WHAT IS NEEDED: Retype the range from the line holding "0 < vol E [set: V]" to the last line of the listing, inclusive, exactly as it appears and with nothing else.

AVAILABLE RECORDS:
════════════════════
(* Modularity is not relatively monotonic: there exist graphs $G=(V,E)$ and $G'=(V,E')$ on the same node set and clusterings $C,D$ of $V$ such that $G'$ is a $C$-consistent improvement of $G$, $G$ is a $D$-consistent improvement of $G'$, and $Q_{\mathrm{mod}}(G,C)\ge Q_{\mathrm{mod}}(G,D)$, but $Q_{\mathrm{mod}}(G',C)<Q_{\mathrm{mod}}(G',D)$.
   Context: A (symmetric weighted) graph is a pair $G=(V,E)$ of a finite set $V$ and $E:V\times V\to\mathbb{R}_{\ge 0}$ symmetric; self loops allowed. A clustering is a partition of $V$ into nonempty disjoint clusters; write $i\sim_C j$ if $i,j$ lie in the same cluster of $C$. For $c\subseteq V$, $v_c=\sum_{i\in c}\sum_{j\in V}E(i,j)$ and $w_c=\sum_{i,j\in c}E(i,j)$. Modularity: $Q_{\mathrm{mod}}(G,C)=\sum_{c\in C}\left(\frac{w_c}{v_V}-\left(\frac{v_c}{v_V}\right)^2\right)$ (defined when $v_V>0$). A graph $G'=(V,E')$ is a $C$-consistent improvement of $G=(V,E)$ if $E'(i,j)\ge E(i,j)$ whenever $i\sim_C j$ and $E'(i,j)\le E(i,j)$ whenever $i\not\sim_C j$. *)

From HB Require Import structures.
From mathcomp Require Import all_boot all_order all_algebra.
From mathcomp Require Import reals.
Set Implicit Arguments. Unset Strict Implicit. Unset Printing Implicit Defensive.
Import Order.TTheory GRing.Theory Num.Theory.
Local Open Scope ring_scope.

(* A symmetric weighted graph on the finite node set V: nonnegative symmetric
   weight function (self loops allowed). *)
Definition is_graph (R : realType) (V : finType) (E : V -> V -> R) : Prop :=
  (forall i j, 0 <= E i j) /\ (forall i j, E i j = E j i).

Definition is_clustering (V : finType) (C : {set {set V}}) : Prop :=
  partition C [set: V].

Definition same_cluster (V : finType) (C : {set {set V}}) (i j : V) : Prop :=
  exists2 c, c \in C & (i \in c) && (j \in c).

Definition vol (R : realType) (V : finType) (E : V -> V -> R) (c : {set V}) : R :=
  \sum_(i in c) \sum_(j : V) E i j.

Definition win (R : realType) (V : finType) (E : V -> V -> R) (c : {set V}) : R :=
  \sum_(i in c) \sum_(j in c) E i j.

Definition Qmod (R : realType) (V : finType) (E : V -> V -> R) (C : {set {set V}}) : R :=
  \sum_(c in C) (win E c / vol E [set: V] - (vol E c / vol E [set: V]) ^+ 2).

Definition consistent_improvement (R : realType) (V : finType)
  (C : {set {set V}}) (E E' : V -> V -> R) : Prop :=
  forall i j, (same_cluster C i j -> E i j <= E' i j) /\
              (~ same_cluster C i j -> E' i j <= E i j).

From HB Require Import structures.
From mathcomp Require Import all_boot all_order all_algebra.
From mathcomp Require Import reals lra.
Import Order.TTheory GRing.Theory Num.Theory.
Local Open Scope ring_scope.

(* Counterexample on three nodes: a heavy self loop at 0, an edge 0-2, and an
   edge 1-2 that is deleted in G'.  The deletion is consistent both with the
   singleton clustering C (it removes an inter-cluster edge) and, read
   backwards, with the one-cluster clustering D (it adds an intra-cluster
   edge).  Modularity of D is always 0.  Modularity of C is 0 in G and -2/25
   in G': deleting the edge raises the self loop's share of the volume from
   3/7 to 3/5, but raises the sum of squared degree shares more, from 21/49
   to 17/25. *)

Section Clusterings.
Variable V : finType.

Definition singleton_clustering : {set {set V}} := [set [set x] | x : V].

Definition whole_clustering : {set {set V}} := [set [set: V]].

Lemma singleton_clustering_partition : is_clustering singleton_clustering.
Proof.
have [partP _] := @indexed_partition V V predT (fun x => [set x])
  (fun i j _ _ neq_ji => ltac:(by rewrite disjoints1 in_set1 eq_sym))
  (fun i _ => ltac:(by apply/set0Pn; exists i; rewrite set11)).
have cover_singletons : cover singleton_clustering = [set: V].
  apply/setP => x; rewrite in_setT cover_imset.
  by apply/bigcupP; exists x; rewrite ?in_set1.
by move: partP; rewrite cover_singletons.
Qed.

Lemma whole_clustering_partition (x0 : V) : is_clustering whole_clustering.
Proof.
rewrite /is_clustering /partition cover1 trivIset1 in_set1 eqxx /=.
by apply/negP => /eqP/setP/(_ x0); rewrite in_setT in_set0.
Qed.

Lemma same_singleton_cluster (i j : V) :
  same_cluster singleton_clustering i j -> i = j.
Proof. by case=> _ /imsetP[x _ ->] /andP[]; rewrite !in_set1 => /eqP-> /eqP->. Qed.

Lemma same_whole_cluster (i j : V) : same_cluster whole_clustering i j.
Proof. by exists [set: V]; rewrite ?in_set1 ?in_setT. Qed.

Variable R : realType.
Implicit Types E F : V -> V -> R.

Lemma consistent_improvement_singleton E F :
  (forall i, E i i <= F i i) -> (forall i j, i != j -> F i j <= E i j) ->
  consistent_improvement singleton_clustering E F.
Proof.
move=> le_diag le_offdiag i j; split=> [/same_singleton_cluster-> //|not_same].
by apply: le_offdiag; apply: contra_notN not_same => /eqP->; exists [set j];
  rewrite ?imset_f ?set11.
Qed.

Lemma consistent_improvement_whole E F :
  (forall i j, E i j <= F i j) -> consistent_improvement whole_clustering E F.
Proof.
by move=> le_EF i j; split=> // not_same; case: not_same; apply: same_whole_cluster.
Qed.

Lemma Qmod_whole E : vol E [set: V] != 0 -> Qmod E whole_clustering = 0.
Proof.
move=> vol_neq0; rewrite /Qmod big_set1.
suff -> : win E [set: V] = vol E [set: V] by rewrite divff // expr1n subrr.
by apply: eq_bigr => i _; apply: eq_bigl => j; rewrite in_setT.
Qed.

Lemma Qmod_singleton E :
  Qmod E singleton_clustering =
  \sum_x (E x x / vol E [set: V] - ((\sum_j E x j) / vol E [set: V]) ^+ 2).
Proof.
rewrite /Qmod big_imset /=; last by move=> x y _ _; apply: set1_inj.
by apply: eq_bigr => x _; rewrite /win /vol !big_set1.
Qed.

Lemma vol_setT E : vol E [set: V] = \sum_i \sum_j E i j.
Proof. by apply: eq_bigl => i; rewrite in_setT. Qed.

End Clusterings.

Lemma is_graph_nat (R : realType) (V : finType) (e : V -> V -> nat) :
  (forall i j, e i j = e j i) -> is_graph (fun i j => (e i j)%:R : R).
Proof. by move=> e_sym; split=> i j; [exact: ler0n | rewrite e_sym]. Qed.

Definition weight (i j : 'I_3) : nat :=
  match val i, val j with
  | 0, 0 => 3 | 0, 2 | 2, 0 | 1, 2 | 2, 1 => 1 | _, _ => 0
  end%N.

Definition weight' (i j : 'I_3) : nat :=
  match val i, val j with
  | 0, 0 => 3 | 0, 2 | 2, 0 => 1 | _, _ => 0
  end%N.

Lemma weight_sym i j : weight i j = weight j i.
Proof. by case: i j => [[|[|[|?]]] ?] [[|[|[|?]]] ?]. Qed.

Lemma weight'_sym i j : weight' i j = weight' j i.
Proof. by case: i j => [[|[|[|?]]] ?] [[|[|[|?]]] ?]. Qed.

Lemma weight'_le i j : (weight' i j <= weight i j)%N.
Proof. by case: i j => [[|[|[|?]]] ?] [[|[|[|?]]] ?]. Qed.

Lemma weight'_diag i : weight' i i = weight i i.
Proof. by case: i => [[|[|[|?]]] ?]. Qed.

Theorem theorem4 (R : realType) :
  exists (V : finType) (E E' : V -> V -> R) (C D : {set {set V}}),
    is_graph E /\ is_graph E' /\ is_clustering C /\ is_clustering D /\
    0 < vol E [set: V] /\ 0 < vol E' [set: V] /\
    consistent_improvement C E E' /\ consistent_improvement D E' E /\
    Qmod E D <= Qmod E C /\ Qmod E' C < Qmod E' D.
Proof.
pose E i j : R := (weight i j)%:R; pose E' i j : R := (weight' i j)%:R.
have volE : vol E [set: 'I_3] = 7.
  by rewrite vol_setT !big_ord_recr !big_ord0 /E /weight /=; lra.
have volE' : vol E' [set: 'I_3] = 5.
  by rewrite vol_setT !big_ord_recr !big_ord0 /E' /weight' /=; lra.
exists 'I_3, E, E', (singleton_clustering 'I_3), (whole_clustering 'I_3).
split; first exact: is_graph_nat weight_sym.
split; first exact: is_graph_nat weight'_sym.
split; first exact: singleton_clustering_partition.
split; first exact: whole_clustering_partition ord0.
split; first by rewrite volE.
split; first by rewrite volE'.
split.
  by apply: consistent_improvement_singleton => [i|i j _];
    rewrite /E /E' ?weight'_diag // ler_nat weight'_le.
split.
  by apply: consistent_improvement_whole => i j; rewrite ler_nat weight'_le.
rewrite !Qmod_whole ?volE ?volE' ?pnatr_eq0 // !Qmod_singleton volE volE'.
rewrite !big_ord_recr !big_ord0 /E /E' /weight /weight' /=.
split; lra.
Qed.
════════════════════
ANSWER TO THIS TASK:
    0 < vol E [set: V] /\ 0 < vol E' [set: V] /\
    consistent_improvement C E E' /\ consistent_improvement D E' E /\
    Qmod E D <= Qmod E C /\ Qmod E' C < Qmod E' D.
Proof.
pose E i j : R := (weight i j)%:R; pose E' i j : R := (weight' i j)%:R.
have volE : vol E [set: 'I_3] = 7.
  by rewrite vol_setT !big_ord_recr !big_ord0 /E /weight /=; lra.
have volE' : vol E' [set: 'I_3] = 5.
  by rewrite vol_setT !big_ord_recr !big_ord0 /E' /weight' /=; lra.
exists 'I_3, E, E', (singleton_clustering 'I_3), (whole_clustering 'I_3).
split; first exact: is_graph_nat weight_sym.
split; first exact: is_graph_nat weight'_sym.
split; first exact: singleton_clustering_partition.
split; first exact: whole_clustering_partition ord0.
split; first by rewrite volE.
split; first by rewrite volE'.
split.
  by apply: consistent_improvement_singleton => [i|i j _];
    rewrite /E /E' ?weight'_diag // ler_nat weight'_le.
split.
  by apply: consistent_improvement_whole => i j; rewrite ler_nat weight'_le.
rewrite !Qmod_whole ?volE ?volE' ?pnatr_eq0 // !Qmod_singleton volE volE'.
rewrite !big_ord_recr !big_ord0 /E /E' /weight /weight' /=.
split; lra.
Qed.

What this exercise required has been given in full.